HMO rules stuck in limbo
Three years past the deadline, the health plans are now writing their own standards for timely appointments for patients.
SACRAMENTO — In 2002, California's HMO czar, Daniel Zingale, declared, "The days are over when they could make patients wait and wait for healthcare."
Zingale was heralding a new law that required his department to ensure that HMO patients received timely appointments with doctors. The law was spawned by the case of a 74-year-old woman who died from an aneurysm in a Kaiser Permanente waiting room while pleading to see her physician.

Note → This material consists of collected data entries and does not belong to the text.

(* For every integer $k\ge 0$, $$\varphi(2k):=\int_0^1t^{2k}\sqrt{1+t^2}\,\mathrm{d}t=\frac{(-1)^k}{4^k} \frac{\binom{2k}{k}}{k+1}\left(I(0)+\sqrt{2}\sum_{p=1}^k\frac{(-1)^p4^p}{\binom{2p}{p}}\right),$$ where $I(0)=\frac{\sqrt{2}}{2}+\frac{\ln(1+\sqrt{2})}{2}$. *)

From Stdlib Require Import Reals.
From Coquelicot Require Import Coquelicot.
Open Scope R_scope.

Definition phi (n : nat) : R := RInt (fun t => t ^ n * sqrt (1 + t ^ 2)) 0 1.

Definition I0 : R := sqrt 2 / 2 + ln (1 + sqrt 2) / 2.

(* Differentiating t^(n+1) (1+t^2)^(3/2) produces exactly the integrand of
   (n+1) phi(n) + (n+4) phi(n+2), so this combination equals 2 sqrt 2.  For the
   even moments u_k = phi(2k) it is a first-order linear recurrence
   u_(k+1) = -(2k+1)/(2k+4) u_k + sqrt 2/(k+2), whose homogeneous solution is
   c_k = (-1/4)^k C(2k,k)/(k+1); variation of constants gives
   u_k = c_k (u_0 + sum_(p=1..k) sqrt 2/((p+1) c_p)).  Finally u_0 = I(0), as
   (t sqrt(1+t^2) + ln(t + sqrt(1+t^2)))/2 is a primitive of sqrt(1+t^2). *)

From Stdlib Require Import Reals Lra Lia.
From Coquelicot Require Import Coquelicot.
Open Scope R_scope.

Lemma is_derive_eq_r (f : R -> R) (x l l' : R) : is_derive f x l -> l = l' -> is_derive f x l'.
Proof. now intros H <-. Qed.

Lemma RInt_primitive (F f : R -> R) (a b : R) :
  (forall t, is_derive F t (f t)) -> (forall t, continuous f t) -> RInt f a b = F b - F a.
Proof.
  intros HF Hf; apply is_RInt_unique.
  apply (is_RInt_derive (V := R_CompleteNormedModule)); intros t _; auto.
Qed.

Lemma sqrt_1_plus_sq_pos t : 0 < sqrt (1 + t ^ 2).
Proof. apply sqrt_lt_R0; nra. Qed.

Lemma sqrt_1_plus_sq_sq t : sqrt (1 + t ^ 2) * sqrt (1 + t ^ 2) = 1 + t ^ 2.
Proof. apply sqrt_sqrt; nra. Qed.

Lemma add_sqrt_1_plus_sq_pos t : 0 < t + sqrt (1 + t ^ 2).
Proof.
  pose proof (sqrt_1_plus_sq_pos t); pose proof (sqrt_1_plus_sq_sq t).
  destruct (Rle_or_lt 0 t); nra.
Qed.

Lemma is_derive_1_plus_sq t : is_derive (fun x => 1 + x ^ 2) t (2 * t).
Proof. auto_derive; [exact I | ring]. Qed.

Lemma is_derive_sqrt_1_plus_sq t :
  is_derive (fun x => sqrt (1 + x ^ 2)) t (t / sqrt (1 + t ^ 2)).
Proof.
  apply (is_derive_eq_r _ _ _ _ (is_derive_sqrt _ _ _ (is_derive_1_plus_sq t) ltac:(nra))).
  pose proof (sqrt_1_plus_sq_pos t); field; lra.
Qed.

Definition phi_integrand (n : nat) (t : R) : R := t ^ n * sqrt (1 + t ^ 2).

Lemma phi_integrand_continuous n t : continuous (phi_integrand n) t.
Proof.
  apply (ex_derive_continuous (V := R_NormedModule)); eexists.
  exact (is_derive_mult _ _ _ _ _ (is_derive_pow _ n t 1 (is_derive_id t))
           (is_derive_sqrt_1_plus_sq t) Rmult_comm).
Qed.

Lemma is_derive_recurrence_primitive n t :
  is_derive (fun x => x ^ S n * ((1 + x ^ 2) * sqrt (1 + x ^ 2))) t
    ((INR n + 1) * phi_integrand n t + (INR n + 4) * phi_integrand (n + 2) t).
Proof.
  pose proof (is_derive_mult _ _ _ _ _ (is_derive_pow _ (S n) t 1 (is_derive_id t))
    (is_derive_mult _ _ _ _ _ (is_derive_1_plus_sq t) (is_derive_sqrt_1_plus_sq t) Rmult_comm)
    Rmult_comm) as H.
  apply (is_derive_eq_r _ _ _ _ H); unfold phi_integrand, mult, plus; cbn -[pow INR sqrt Rmult Rplus].
  pose proof (sqrt_1_plus_sq_pos t) as Hpos; pose proof (sqrt_1_plus_sq_sq t) as Hsq.
  set (s := sqrt (1 + t ^ 2)) in *; clearbody s.
  replace ((1 + t ^ 2) * (t / s)) with (t * s) by (rewrite <- Hsq; field; lra).
  rewrite S_INR, pow_add; simpl; ring.
Qed.

Lemma is_derive_arsinh_primitive t :
  is_derive (fun x => / 2 * (x * sqrt (1 + x ^ 2) + ln (x + sqrt (1 + x ^ 2)))) t
    (phi_integrand 0 t).
Proof.
  pose proof (is_derive_sqrt_1_plus_sq t) as Hs.
  pose proof (is_derive_comp ln (fun x => x + sqrt (1 + x ^ 2)) t _ _
    (is_derive_ln _ (add_sqrt_1_plus_sq_pos t)) (is_derive_plus _ _ _ _ _ (is_derive_id t) Hs))
    as Hln.
  pose proof (is_derive_scal _ t (/ 2) _
    (is_derive_plus _ _ _ _ _ (is_derive_mult _ _ _ _ _ (is_derive_id t) Hs Rmult_comm) Hln)) as H.
  apply (is_derive_eq_r _ _ _ _ H); unfold phi_integrand, scal, mult, plus; cbn -[pow sqrt Rmult Rplus].
  pose proof (sqrt_1_plus_sq_pos t) as Hpos; pose proof (sqrt_1_plus_sq_sq t) as Hsq.
  pose proof (add_sqrt_1_plus_sq_pos t) as Hsum.
  set (s := sqrt (1 + t ^ 2)) in *; clearbody s.
  replace ((1 + t / s) * / (t + s)) with (/ s) by (field; lra).
  replace (t * (t / s)) with ((s * s - 1) / s) by (rewrite Hsq; field; lra).
  simpl; field; lra.
Qed.

Lemma phi_0 : phi 0 = I0.
Proof.
  unfold phi; rewrite (RInt_primitive _ (phi_integrand 0) _ _ is_derive_arsinh_primitive
                         (phi_integrand_continuous 0)).
  unfold I0; replace (1 ^ 2) with 1 by ring; replace (0 ^ 2) with 0 by ring.
  replace (1 + 1) with 2 by ring; rewrite Rplus_0_r, Rplus_0_l, sqrt_1, ln_1; field.
Qed.

Lemma is_RInt_phi n : is_RInt (phi_integrand n) 0 1 (phi n).
Proof.
  apply (RInt_correct (phi_integrand n)), ex_RInt_continuous.
  intros; apply phi_integrand_continuous.
Qed.

Lemma phi_recurrence n : (INR n + 1) * phi n + (INR n + 4) * phi (n + 2) = 2 * sqrt 2.
Proof.
  set (f t := (INR n + 1) * phi_integrand n t + (INR n + 4) * phi_integrand (n + 2) t).
  assert (Hlin : is_RInt f 0 1 ((INR n + 1) * phi n + (INR n + 4) * phi (n + 2))).
  { apply (is_RInt_plus (V := R_NormedModule)); apply (is_RInt_scal (V := R_NormedModule));
      apply is_RInt_phi. }
  rewrite <- (is_RInt_unique _ _ _ _ Hlin), (RInt_primitive _ _ _ _ (is_derive_recurrence_primitive n)).
  - rewrite pow1, pow_i by lia; replace (1 + 1 ^ 2) with 2 by ring; ring.
  - intros t; apply (continuous_plus (V := R_NormedModule));
      apply (continuous_scal_r (V := R_NormedModule)); apply phi_integrand_continuous.
Qed.

Lemma linear_recurrence_solution (u c b : nat -> R) :
  (forall k, c k <> 0) ->
  (forall k, u (S k) = c (S k) / c k * u k + b (S k)) ->
  forall k, u k = c k * (u 0%nat / c 0%nat + sum_n_m (fun p => b p / c p) 1 k).
Proof.
  intros Hc Hu k; induction k as [| k IH].
  - rewrite sum_n_m_zero by lia; unfold zero; simpl; field; apply Hc.
  - rewrite Hu, IH, (sum_n_Sm (G := R_AbelianMonoid)) by lia; unfold plus; simpl.
    field; repeat split; apply Hc.
Qed.

Lemma pow_m1_sq k : (-1) ^ k * (-1) ^ k = 1.
Proof. rewrite <- Rpow_mult_distr; replace (-1 * -1) with 1 by ring; apply pow1. Qed.

Lemma binomial_central_pos k : 0 < Binomial.C (2 * k) k.
Proof.
  unfold Binomial.C; apply Rdiv_lt_0_compat; [| apply Rmult_lt_0_compat]; apply INR_fact_lt_0.
Qed.

Lemma binomial_central_succ k :
  Binomial.C (2 * S k) (S k) = 2 * (2 * INR k + 1) / (INR k + 1) * Binomial.C (2 * k) k.
Proof.
  unfold Binomial.C.
  replace (2 * S k - S k)%nat with (S k) by lia; replace (2 * k - k)%nat with k by lia.
  replace (2 * S k)%nat with (S (S (2 * k))) by lia.
  rewrite !fact_simpl, !mult_INR, !S_INR, mult_INR.
  pose proof (INR_fact_neq_0 k); pose proof (INR_fact_neq_0 (2 * k)); pose proof (pos_INR k).
  simpl (INR 2); field; repeat split; lra.
Qed.

Definition scaled_catalan (k : nat) : R :=
  (-1) ^ k / 4 ^ k * (Binomial.C (2 * k) k / INR (k + 1)).

Lemma scaled_catalan_0 : scaled_catalan 0 = 1.
Proof. unfold scaled_catalan, Binomial.C; simpl; field. Qed.

Lemma scaled_catalan_neq0 k : scaled_catalan k <> 0.
Proof.
  pose proof (binomial_central_pos k); pose proof (not_0_INR (k + 1) ltac:(lia)).
  pose proof (pow_nonzero (-1) k ltac:(lra)); pose proof (pow_nonzero 4 k ltac:(lra)).
  unfold scaled_catalan; set (c := Binomial.C (2 * k) k) in *; clearbody c; unfold Rdiv.
  repeat apply Rmult_integral_contrapositive_currified; try apply Rinv_neq_0_compat; lra.
Qed.

Lemma scaled_catalan_succ k :
  scaled_catalan (S k) = - (2 * INR k + 1) / (2 * INR k + 4) * scaled_catalan k.
Proof.
  pose proof (pos_INR k); pose proof (pow_lt 4 k ltac:(lra)).
  unfold scaled_catalan; rewrite binomial_central_succ.
  set (c := Binomial.C (2 * k) k); clearbody c.
  rewrite !plus_INR, !S_INR; simpl; field; lra.
Qed.

Lemma inv_scaled_catalan k :
  / INR (k + 1) / scaled_catalan k = (-1) ^ k * 4 ^ k / Binomial.C (2 * k) k.
Proof.
  pose proof (binomial_central_pos k); pose proof (pow_lt 4 k ltac:(lra)).
  pose proof (pow_nonzero (-1) k ltac:(lra)); pose proof (pos_INR k).
  unfold scaled_catalan; set (c := Binomial.C (2 * k) k) in *; clearbody c.
  rewrite <- (Rmult_1_l (/ INR (k + 1))), <- (pow_m1_sq k), plus_INR; simpl.
  field; lra.
Qed.

Lemma phi_even_succ k :
  phi (2 * S k) =
  scaled_catalan (S k) / scaled_catalan k * phi (2 * k) + sqrt 2 / INR (S k + 1).
Proof.
  pose proof (phi_recurrence (2 * k)) as Hrec.
  replace (2 * k + 2)%nat with (2 * S k)%nat in Hrec by lia.
  rewrite mult_INR in Hrec; simpl (INR 2) in Hrec.
  pose proof (scaled_catalan_neq0 k); pose proof (pos_INR k).
  rewrite scaled_catalan_succ, Nat.add_1_r, !S_INR.
  set (a := phi (2 * k)) in *; set (b := phi (2 * S k)) in *; clearbody a b.
  assert (Hb : b = (2 * sqrt 2 - (2 * INR k + 1) * a) / (2 * INR k + 4))
    by (rewrite <- Hrec; field; lra).
  rewrite Hb; field; repeat split; (assumption || lra).
Qed.

Theorem theorem3p0p3 (k : nat) :
  phi (2 * k) =
  (-1) ^ k / 4 ^ k * (Binomial.C (2 * k) k / INR (k + 1)) *
  (I0 + sqrt 2 * sum_n_m (fun p => (-1) ^ p * 4 ^ p / Binomial.C (2 * p) p) 1 k).
Proof.
  rewrite (linear_recurrence_solution (fun k => phi (2 * k)) scaled_catalan
             (fun p => sqrt 2 / INR (p + 1)) scaled_catalan_neq0 phi_even_succ k).
  fold (scaled_catalan k); f_equal; f_equal.
  - rewrite scaled_catalan_0, Nat.mul_0_r, phi_0; field.
  - rewrite <- (sum_n_m_mult_l (K := R_Ring)).
    apply sum_n_m_ext; intros p; unfold mult; simpl.
    rewrite <- inv_scaled_catalan; unfold Rdiv; ring.
Qed.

The Schwarzenegger administration's enactment of the new rules, which the law required by January 2004, has not been prompt. The Department of Managed Health Care did not release its proposed rules until 2007.
When HMOs and doctors groups objected to them, the department scrapped the rules in favor of ones that let health plans come up with their own methods of complying with the law. The plans have to submit their guidelines in October, and the department will review them.
Consumer advocates charge that the way the department is putting the law into action controverts the promise six years ago from Zingale, who is now a senior advisor to Gov. Arnold Schwarzenegger and chief of staff for Schwarzenegger's wife, Maria Shriver.
"The pending rules are a betrayal of consumers and of the clear intent of the law," said Anthony Wright, executive director of Health Access California, a consumer advocate group that sponsored and helped write the original legislation. "The department is letting the insurance companies set their own standards."
Physicians groups that contract with HMOs are not much happier. They complain that the department's rules will revive one of the characteristics consumers have historically disliked most about HMOs: their tendency to micromanage how, when and for how long doctors can see patients.
"This is the problem people were complaining about years ago," said William Barcellona, the chief lobbyist for the California Assn. of Physician Groups. "We've come full circle."
About 21 million Californians belong to HMO networks. The 2002 law was signed by Gov. Gray Davis as part of a widespread backlash against the companies in the late 1990s. Some HMOs had trouble recruiting and contracting with doctors because of a shortage of specialists in some areas and the plans' practice of paying set rates to care for each patient rather than the traditional fee-for-service method.